Model-Assisted Bayesian Estimators for Ordinal Outcomes in RCTs
Published:Dec 30, 2025 19:53
•1 min read
•ArXiv
Analysis
This paper addresses the limitations of traditional methods (like proportional odds models) for analyzing ordinal outcomes in randomized controlled trials (RCTs). It proposes more transparent and interpretable summary measures (weighted geometric mean odds ratios, relative risks, and weighted mean risk differences) and develops efficient Bayesian estimators to calculate them. The use of Bayesian methods allows for covariate adjustment and marginalization, improving the accuracy and robustness of the analysis, especially when the proportional odds assumption is violated. The paper's focus on transparency and interpretability is crucial for clinical trials where understanding the impact of treatments is paramount.
Key Takeaways
- •Proposes new, transparent summary measures for ordinal outcomes in RCTs.
- •Develops model-assisted Bayesian estimators for these measures.
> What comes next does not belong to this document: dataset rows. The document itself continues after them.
Lemma coord_prod_zero X Y w : unimodular X Y -> reduced w -> coord_prod X Y w = 0 ->
  w = X \/ w = vneg X \/ w = Y \/ w = vneg Y.
Proof.
  intros Hd [Hg _] H0.
  assert (HdY : unimodular Y X) by (apply unimodular_sym; auto).
  unfold coord_prod in H0.
  assert (d0 : det X Y <> 0) by (destruct Hd as [-> | ->]; discriminate).
  apply Z.mul_eq_0 in H0 as [H0|H0]; apply Z.mul_eq_0 in H0 as [H0|H0]; try contradiction.
  - destruct (det_zero_associated w Y Hg (gcd_unimodular HdY) H0); tauto.
  - rewrite det_anti in H0.
    destruct (det_zero_associated w X Hg (gcd_unimodular Hd)); [lia|tauto|tauto].
Qed.

Lemma coord_prod_zero_vert X Y (w : farey_vert) : unimodular X Y ->
  coord_prod X Y (proj1_sig w) = 0 -> represents w X \/ represents w Y.
Proof. intros Hd Hz. unfold represents. destruct (coord_prod_zero Hd (farey_reduced w) Hz); tauto. Qed.

(** Along an edge the sign of [coord_prod] never jumps from - to +, so a chain
    whose ends have opposite signs passes through a zero. *)
Lemma chain_coord_prod_zero X Y (l : list farey_vert) x : unimodular X Y ->
  chain farey_adj (x :: l) ->
  coord_prod X Y (proj1_sig x) * coord_prod X Y (proj1_sig (last (x :: l) x)) <= 0 ->
  exists w, In w (x :: l) /\ coord_prod X Y (proj1_sig w) = 0.
Proof.
  intros Hd. set (f := fun w : farey_vert => coord_prod X Y (proj1_sig w)). fold (f x) (f (last (x :: l) x)).
  assert (Hf : forall a b, farey_adj a b -> ~ (f a < 0 /\ f b > 0)).
  { intros a b Hab. apply coord_prod_edge; auto. apply farey_adj_unimodular; auto. }
  assert (Hup : forall l x, chain farey_adj (x :: l) -> f x < 0 -> f (last (x :: l) x) > 0 ->
            exists w, In w (x :: l) /\ f w = 0).
  { clear x l. induction l as [|y l IH]; intros x Hc Hx Hl; [simpl in Hl; lia|].
    destruct Hc as [Hxy Hc].
    destruct (Z.lt_total (f y) 0) as [H|[H|H]]; [|exists y; simpl; auto|exfalso; apply (Hf x y Hxy); lia].
    assert (Hl' : f (last (y :: l) y) > 0).
    { change (f (last (y :: l) x) > 0) in Hl. rewrite (last_indep _ y) in Hl by discriminate. exact Hl. }
    destruct (IH y Hc H Hl') as [w [Hw Hw0]]. exists w. simpl. auto. }
  intros Hc Hs. set (y := last (x :: l) x) in *.
  destruct (Z.lt_total (f x) 0) as [H1|[H1|H1]], (Z.lt_total (f y) 0) as [H2|[H2|H2]];
    try (exists x; simpl; auto; fail); try (exists y; split; [apply last_In; discriminate|auto]; fail);
    try nia.
  - apply Hup; auto. apply Z.lt_gt. exact H2.
  - destruct (rev (x :: l)) as [|z m] eqn:Er; [apply (f_equal (@length _)) in Er; simpl in Er;
      rewrite length_app in Er; simpl in Er; lia|].
    assert (Hz : z = y) by (pose proof (hd_error_rev x (l := x :: l) ltac:(discriminate)) as Hh;
                            rewrite Er in Hh; injection Hh; auto).
    destruct (Hup m z) as [w [Hw Hw0]].
    + rewrite <- Er. apply chain_rev; auto. apply farey_adj_sym.
    + rewrite Hz. exact H2.
    + rewrite <- Er, (@last_rev _ (x :: l) x z eq_refl). apply Z.lt_gt. exact H1.
    + exists w. split; auto. rewrite in_rev, Er. auto.
Qed.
- •Addresses the limitations of proportional odds models, especially when the proportional odds assumption is violated.
- •Provides a weighting scheme with appealing invariance properties.
- •Demonstrates good performance through simulations and a real-world example (COVID-OUT trial).
Reference
“The paper proposes 'weighted geometric mean' odds ratios and relative risks, and 'weighted mean' risk differences as transparent summary measures for ordinal outcomes.”